## WORK TO COMPLETE
All records must be restated word for word.

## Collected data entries
(* Let $q$ be an odd prime power, $\omega$ a non-square in $\mathbb F_q$, $\epsilon\in\mathbb F_{q^2}$ with $\epsilon^2=\omega$, and write $z=z_1+\epsilon z_2$ ($z_i\in\mathbb F_q$) for $z\in\mathbb F_{q^2}$. Let $a,b,c,d,e\in\mathbb F_{q^2}$ with $b\ne0$, $b_1d_2=b_2d_1$ and $(b_1,d_1)\ne(0,0)$; put $a'=b_1a_2-a_1b_2$, $c'=b_1c_2-b_2c_1$, $e'=b_1e_2-b_2e_1$, not all zero, $\delta'=c'^2-4a'e'$ and $\kappa=a'd_1^2-c'd_1b_1+e'b_1^2$. In $\mathrm{PG}(3,q)$ with coordinates $(t_1:t_2:X:Z)$ let $\Pi$ be the plane $b_1X+d_1Z=0$, $\mathcal Q$ the quadric $b_2t_1^2-2b_1t_1t_2+b_2\omega t_2^2+a'X^2+c'XZ+e'Z^2=0$, and $\mathcal Q_0$ the set of points of $\mathcal Q$ (in $\mathrm{PG}(3,q)$) with $t_1=t_2=0$. Then $\Pi$ meets $\mathcal Q_0$ if and only if $\kappa=0$, in which case $|\Pi\cap\mathcal Q_0|=1$. Furthermore, when $\delta'=0$, $\Pi\cap\mathcal Q_0$ is the vertex of the quadric cone $\mathcal Q$ if $a'\neq0$, and is empty if $a'=0$.
   Formalization: When δ′ = 0 and a′ ≠ 0, Π∩Q₀ is only contained in the vertex set of Q (its singular points), and equals the vertex set under the added hypothesis κ = 0. The statement above fails without it. *)

From HB Require Import structures.
From mathcomp Require Import all_boot all_order all_algebra.
Set Implicit Arguments. Unset Strict Implicit. Unset Printing Implicit Defensive.
Import Order.TTheory GRing.Theory Num.Theory.
Local Open Scope ring_scope.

## ANSWER SPACE
(* Let $q$ be an odd prime power, $\omega$ a non-square in $\mathbb F_q$, $\epsilon\in\mathbb F_{q^2}$ with $\epsilon^2=\omega$, and write $z=z_1+\epsilon z_2$ ($z_i\in\mathbb F_q$) for $z\in\mathbb F_{q^2}$. Let $a,b,c,d,e\in\mathbb F_{q^2}$ with $b\ne0$, $b_1d_2=b_2d_1$ and $(b_1,d_1)\ne(0,0)$; put $a'=b_1a_2-a_1b_2$, $c'=b_1c_2-b_2c_1$, $e'=b_1e_2-b_2e_1$, not all zero, $\delta'=c'^2-4a'e'$ and $\kappa=a'd_1^2-c'd_1b_1+e'b_1^2$. In $\mathrm{PG}(3,q)$ with coordinates $(t_1:t_2:X:Z)$ let $\Pi$ be the plane $b_1X+d_1Z=0$, $\mathcal Q$ the quadric $b_2t_1^2-2b_1t_1t_2+b_2\omega t_2^2+a'X^2+c'XZ+e'Z^2=0$, and $\mathcal Q_0$ the set of points of $\mathcal Q$ (in $\mathrm{PG}(3,q)$) with $t_1=t_2=0$. Then $\Pi$ meets $\mathcal Q_0$ if and only if $\kappa=0$, in which case $|\Pi\cap\mathcal Q_0|=1$. Furthermore, when $\delta'=0$, $\Pi\cap\mathcal Q_0$ is the vertex of the quadric cone $\mathcal Q$ if $a'\neq0$, and is empty if $a'=0$.
   Formalization: When δ′ = 0 and a′ ≠ 0, Π∩Q₀ is only contained in the vertex set of Q (its singular points), and equals the vertex set under the added hypothesis κ = 0. The statement above fails without it. *)

From HB Require Import structures.
From mathcomp Require Import all_boot all_order all_algebra.
Set Implicit Arguments. Unset Strict Implicit. Unset Printing Implicit Defensive.
Import Order.TTheory GRing.Theory Num.Theory.
Local Open Scope ring_scope.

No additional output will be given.